Every line in the listing below that holds the word "contra" should be returned.

# # # #

Lemma nbhs_cylinder y (U : set cantor_space) :
  nbhs y U -> exists m, cylinder y m `<=` U.
Proof.
move=> /nbhs_ptws_agree [s sU]; exists (\max_(i <- s) i.+1)%N => z yz.
apply: sU => i si; apply: yz.
exact: (@leq_bigmax_seq _ s xpredT succn i si isT).
Qed.

Lemma cylinder_nbhs y m : nbhs y (cylinder y m).
Proof.
have coord i : nbhs y [set z : cantor_space | z i = y i].
  apply: open_nbhs_nbhs; split => //.
  have : open (proj i @^-1` [set y i] : set cantor_space); last by [].
  by apply: open_comp; [move=> + _; exact: proj_continuous | exact: discrete_open].
have : \forall z \near y, forall i : 'I_m, (z : cantor_space) i = y i.
  by apply: (@filter_forall _ _ _ _ (nbhs_filter y)) => i; exact: coord.
by apply: filterS => z yz i im; exact: (yz (Ordinal im)).
Qed.

Lemma cylinder_open y m : open (cylinder y m).
Proof.
rewrite openE => z yz; apply: filterS (cylinder_nbhs z m).
exact: cylinder_sub (leqnn m) yz.
Qed.

Lemma continuous_cylinderP (X : topologicalType) (f : cantor_space -> X) :
  continuous f <->
  forall y U, open U -> U (f y) -> exists m, cylinder y m `<=` f @^-1` U.
Proof.
split => [cf y U oU Ufy|fcyl y W /=].
  by apply: nbhs_cylinder; apply: cf; exact: open_nbhs_nbhs.
rewrite nbhsE => -[U [oU Ufy] UW]; have [m yU] := fcyl y U oU Ufy.
by rewrite nbhs_simpl; apply: filterS (cylinder_nbhs y m) => z /yU /UW.
Qed.
Lemma row3_mx_eqmx a b x : (row3_mx a b x == a + b + x)%MS.
Proof.
apply/andP; split.
  apply/row_subP => r; rewrite rowK.
  case: r => [[|[|[|]]]] //= _; rewrite ?addsmxSr //.
  1,2: by rewrite (submx_trans _ (addsmxSl _ x)) ?addsmxSl ?addsmxSr.
rewrite !addsmx_sub -andbA; apply/and3P; split;
  [apply: (@eq_row_sub _ _ _ _ _ 0) | apply: (@eq_row_sub _ _ _ _ _ 1) |
   apply: (@eq_row_sub _ _ _ _ _ 2)]; exact: rowK.
Qed.

Definition omega a b x : F := complex_form (row3_mx a b x).

Lemma omega_linear2 a z k x y :
  omega a (k *: x + y) z = k * omega a x z + omega a y z.
Proof. by apply: complex_form_lin => i j l; rewrite !plucker_row3 !mxE; ring. Qed.

Lemma omega_linear3 a b k x y :
  omega a b (k *: x + y) = k * omega a b x + omega a b y.
Proof. by apply: complex_form_lin => i j l; rewrite !plucker_row3 !mxE; ring. Qed.

Lemma omega_xx a x : omega a x x = 0.
Proof. by apply: complex_form_eq0 => i j l; rewrite plucker_row3; ring. Qed.

Lemma omega_aa a x : omega a a x = 0.
Proof. by apply: complex_form_eq0 => i j l; rewrite plucker_row3; ring. Qed.

Definition gram a : 'M[F]_m := \matrix_(p, q) omega a (delta_mx 0 p) (delta_mx 0 q).

Lemma omega_gram a y x : omega a y x = bform (gram a) y x.
Proof.
rewrite (rV_linear_expand (omega_linear3 a y)) /bform !mxE; apply: eq_bigr => q _.
rewrite !mxE mulrC; congr (_ * _).
rewrite (rV_linear_expand (f := omega a ^~ (delta_mx 0 q)) (omega_linear2 a _)).
by apply: eq_bigr => p _; rewrite !mxE.
Qed.

Lemma gram_alt a x : bform (gram a) x x = 0.
Proof. by rewrite -omega_gram omega_xx. Qed.

Lemma omega_functional a b x : omega a b x = (x *m (b *m gram a)^T) 0 0.
Proof. by rewrite omega_gram /bform -[in LHS](trmxK (b *m _ *m _)) trmx_mul trmxK mxE. Qed.

Lemma omega_span a b y : (y <= a + b)%MS -> omega a b y = 0.
Proof.
case/sub_addsmxP => pq ->; rewrite (mx11_scalar pq.1) (mx11_scalar pq.2) !mul_scalar_mx.
rewrite !omega_gram bformDr !bformZr gram_alt (bform_skew (gram_alt a)) -omega_gram.
by rewrite omega_aa oppr0 !mulr0 addr0.
Qed.

Lemma in_complex_row3 a b x (P : 'M[F]_m) :
  \rank (a + b + x)%MS = 3%N -> (P == a + b + x)%MS ->
  (in_complex c P <-> omega a b x = 0).
Proof.
move=> r3 PE; set R := row3_mx a b x.
have /andP[RP PR] : (R == P)%MS.
  by apply/eqmxP; apply: eqmx_trans (eqmxP (row3_mx_eqmx a b x)) (eqmx_sym (eqmxP PE)).
have rR : \rank R = 3%N by rewrite (eqmx_rank (row3_mx_eqmx a b x)).
split=> [[_ [A [/andP[AP _] freeA A0]]] | R0].
  have AE : A *m pinvmx R *m R = A by apply: mulmxKpV; apply: submx_trans AP PR.
  have detM : \det (A *m pinvmx R) != 0.
    rewrite -unitfE -unitmxE -row_free_unit /row_free eqn_leq rank_leq_row /=.
    by rewrite -{1}(eqP freeA) -{1}AE mxrankM_maxl.
  move: A0; rewrite -/(complex_form A) -AE complex_formM => /eqP.
  by rewrite mulf_eq0 (negPf detM) => /eqP.
split; first by rewrite (eqmx_rank PE).
by exists R; rewrite /row_free rR RP PR.
Qed.

Lemma is_polar_omega a b (l E : 'M[F]_m) :
  (3 < m)%N -> \rank (a + b)%MS = 2%N -> (l == a + b)%MS -> \rank E = m.-1 ->
  (is_polar c l E <-> forall x, (x <= E)%MS = (omega a b x == 0)).
Proof.
move=> m_gt3 rab /eqmxP lab rE.
have r3 x : ~~ (x <= a + b)%MS -> \rank (a + b + x)%MS = 3%N.
  by move=> xab; rewrite mxrank_adds_rV // rab.
have complexE x : ~~ (x <= a + b)%MS ->
    in_complex c (a + b + x)%MS <-> omega a b x = 0.
  by move=> xab; apply: in_complex_row3 (r3 x xab) _; rewrite submx_refl.
split=> [[_ polE] | omegaE].
  have [x0 x0ab x00] : exists2 x0, ~~ (x0 <= a + b)%MS & omega a b x0 = 0.
    have [|x xK xab] := exists_rV_notsub (L := (a + b)%MS) (P := kermx (b *m gram a)^T).
      by rewrite rab mxrank_ker mxrank_tr; have := rank_leq_row (b *m gram a); lia.
    by exists x; rewrite // omega_functional (sub_kermxP xK) mxE.
  have polE' x : ~~ (x <= a + b)%MS -> in_complex c (a + b + x)%MS <-> (a + b + x <= E)%MS.
    by move=> xab; apply: polE; rewrite ?r3 // lab addsmxSl.
  have abE : (a + b <= E)%MS.
    by have /(polE' _ x0ab) := (complexE _ x0ab).2 x00; rewrite addsmx_sub => /andP[].
  move=> x; have [xab | xab] := boolP (x <= a + b)%MS.
    by rewrite (submx_trans xab abE) omega_span ?eqxx.
  apply/idP/eqP => [xE | omega_x0].
    by apply/(complexE _ xab)/(polE' _ xab); rewrite addsmx_sub abE.
  by have /(polE' _ xab) := (complexE _ xab).2 omega_x0; rewrite addsmx_sub abE.
split=> // P rP lP.
have abP : (a + b <= P)%MS by rewrite -lab.
have [x r3x PE] := plane_through_line rab rP abP.
rewrite (in_complex_row3 r3x PE) (eqmxP PE) !addsmx_sub !omegaE.
rewrite (omega_span (addsmxSl a b)) (omega_span (addsmxSr a b)) eqxx /=.
by split=> /eqP.
Qed.

Lemma polar_line_sub (l H : 'M[F]_m) :
  (3 < m)%N -> \rank H = m.-1 -> \rank l = 2%N -> is_polar c l H -> (l <= H)%MS.
Proof.
move=> m_gt3 rH rl polH; have [|a a_n0 al] := nonzero_rV_sub (A := l).
  by rewrite -mxrank_eq0 rl.
have [b ba lab] := line_rV rl a_n0 al.
have rab : \rank (a + b)%MS = 2%N by rewrite -(eqmx_rank lab).
have omegaE := (is_polar_omega m_gt3 rab lab rH).1 polH.
rewrite (eqmxP lab) addsmx_sub !omegaE.
by rewrite (omega_span (addsmxSl a b)) (omega_span (addsmxSr a b)) eqxx.
Qed.

End LinearComplex.

Section NoSingularLine.
Variables (F : fieldType) (m : nat) (c : 'I_m -> 'I_m -> 'I_m -> F).
Hypothesis no_singular : forall l : 'M[F]_m, ~ singular_line c l.
Implicit Types (a b x y : 'rV[F]_m).

Lemma gram_mul a : a *m gram c a = 0.
Proof.
apply/rowP => j; rewrite [RHS]mxE -[a *m _]mulmx1 -trmx1 bform_mxE row_id.
by rewrite -omega_gram omega_aa.
Qed.

Lemma gram_rad a y : a != 0 -> y *m gram c a = 0 -> (y <= a)%MS.
Proof.
move=> a_n0 yG0; have [// | nya] := boolP (y <= a)%MS; exfalso.
have ray : \rank (a + y)%MS = 2%N by rewrite mxrank_adds_rV // rank_rV a_n0.
apply: (no_singular (l := (a + y)%MS)); split=> // P rP ayP.
have [x r3 PE] := plane_through_line ray rP ayP.
by apply/(in_complex_row3 c r3 PE); rewrite omega_gram /bform yG0 !mul0mx mxE.
Qed.

Lemma gram_kermx a : a != 0 -> (kermx (gram c a) == a)%MS.
Proof.
move=> a_n0; rewrite sub_kermx gram_mul eqxx andbT.
by apply/row_subP => i; apply: gram_rad; rewrite // -row_mul mulmx_ker row0.
Qed.

Lemma rank_gram a : a != 0 -> \rank (gram c a) = m.-1.
Proof.
move=> a_n0; have := eqmx_rank (gram_kermx a_n0).
by rewrite mxrank_ker rank_rV a_n0; have := rank_leq_row (gram c a); lia.
Qed.

Lemma gram_eqmx_ker a : a != 0 -> (gram c a == kermx a^T)%MS.
Proof.
move=> a_n0; have Gker : (gram c a <= kermx a^T)%MS.
  rewrite sub_kermx -[gram c a]opprK -(alternating_trmx (gram_alt c a)) mulNmx.
  by rewrite -trmx_mul gram_mul trmx0 oppr0.
by rewrite Gker sub_rank_eqmx // mxrank_ker mxrank_tr rank_rV a_n0 rank_gram // subn1.
Qed.

Lemma no_singular_dim_even : (0 < m)%N -> ~~ odd m.-1.
Proof.
move=> m_gt0; pose a : 'rV[F]_m := delta_mx 0 (Ordinal m_gt0).
have a_n0 : a != 0 by rewrite -mxrank_eq0 mxrank_delta.
by rewrite -(rank_gram a_n0) alternating_rank_even // => x; apply: gram_alt.
Qed.

Variable H : 'M[F]_m.
Hypotheses (m_gt3 : (3 < m)%N) (rH : \rank H = m.-1).

Lemma polar_line_exists (p : 'M[F]_m) : \rank p = 1%N -> (p <= H)%MS ->
  exists l : 'M[F]_m, [/\ \rank l = 2%N, is_polar c l H & (p <= l)%MS].
Proof.
move=> rp pH; have [a a_n0 /eqmxP pa] := point_rV rp.
have [|h h_n0 Hh] := hyperplane_kermx _ rH; first by lia.
have ha : (h <= kermx a^T)%MS.
  move: pH; rewrite pa Hh sub_kermx => /eqP ah.
  by rewrite -[h *m _]trmxK trmx_mul trmxK ah trmx0.
have /submxP[b hb] : (h <= gram c a)%MS by rewrite (eqmxP (gram_eqmx_ker a_n0)).
have ba : ~~ (b <= a)%MS.
  by apply: contra h_n0; rewrite hb => /sub_rVP[k ->]; rewrite -scalemxAl gram_mul scaler0.
have rab : \rank (a + b)%MS = 2%N by rewrite mxrank_adds_rV // rank_rV a_n0.
exists (a + b)%MS; split=> //; last by rewrite pa addsmxSl.
apply/(is_polar_omega c m_gt3 rab _ rH) => [|x]; first by rewrite submx_refl.
by rewrite Hh omega_functional -hb mx11_eq0.
Qed.

Lemma polar_line_unique (p l1 l2 : 'M[F]_m) :
  \rank p = 1%N -> \rank l1 = 2%N -> \rank l2 = 2%N ->
  is_polar c l1 H -> is_polar c l2 H -> (p <= l1)%MS -> (p <= l2)%MS -> (l1 == l2)%MS.
Proof.
move=> rp rl1 rl2 pol1 pol2 pl1 pl2; have [a a_n0 /eqmxP pa] := point_rV rp.
have al1 : (a <= l1)%MS by rewrite -pa.
have al2 : (a <= l2)%MS by rewrite -pa.
have [b1 b1a lab1] := line_rV rl1 a_n0 al1.
have [b2 b2a lab2] := line_rV rl2 a_n0 al2.
have rab1 : \rank (a + b1)%MS = 2%N by rewrite -(eqmx_rank lab1).
have rab2 : \rank (a + b2)%MS = 2%N by rewrite -(eqmx_rank lab2).
have omegaE1 := (is_polar_omega c m_gt3 rab1 lab1 rH).1 pol1.
have omegaE2 := (is_polar_omega c m_gt3 rab2 lab2 rH).1 pol2.
have b1G : b1 *m gram c a != 0 by apply: contra b1a => /eqP; apply: gram_rad.
have /sub_rVP[k b2G] : (b2 *m gram c a <= b1 *m gram c a)%MS.
  apply: rV_ker_sub b1G _ => x.
  by rewrite !mx11_eq0 -!omega_functional -omegaE1 -omegaE2.
have b2ab1 : (b2 <= a + b1)%MS.
  have : (b2 - k *: b1 <= a)%MS.
    by apply: gram_rad; rewrite // mulmxBl -scalemxAl b2G subrr.
  by move=> dba; rewrite -(subrK (k *: b1) b2) addmx_sub_adds // scalemx_sub.
have ab21 : (a + b2 <= a + b1)%MS by rewrite addsmx_sub addsmxSl.
have ab12 : (a + b1 <= a + b2)%MS by rewrite sub_rank_eqmx // rab1 rab2.
by apply/andP; split; rewrite (eqmxP lab1) (eqmxP lab2).
Qed.

End NoSingularLine.

Theorem proposition6p5 (F : fieldType) (n : nat)
  (c : 'I_n.+1 -> 'I_n.+1 -> 'I_n.+1 -> F) :
  (3 <= n)%N ->
  complex_coeff c ->
  (forall l : 'M[F]_n.+1, ~ singular_line c l) ->
  ~~ odd n /\
  (forall H : 'M[F]_n.+1, \rank H = n ->
     line_spread (fun l => \rank l = 2%N /\ is_polar c l H) H).
Proof.
move=> n_ge3 _ no_singular; have m_gt3 : (3 < n.+1)%N := n_ge3.
split; first exact: (no_singular_dim_even no_singular).
move=> H rH; split.
- by move=> l [rl polH]; rewrite rl (polar_line_sub m_gt3 rH rl polH).
- move=> p rp pH; have [l [rl polH pl]] := polar_line_exists no_singular m_gt3 rH rp pH.
  by exists l.
- move=> p l1 l2 rp [rl1 pol1] [rl2 pol2].
  exact: (polar_line_unique no_singular m_gt3 rH rp rl1 rl2 pol1 pol2).
Qed.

# # # #

> [Response to this task]:
  by apply: contra h_n0; rewrite hb => /sub_rVP[k ->]; rewrite -scalemxAl gram_mul scaler0.
have b1G : b1 *m gram c a != 0 by apply: contra b1a => /eqP; apply: gram_rad.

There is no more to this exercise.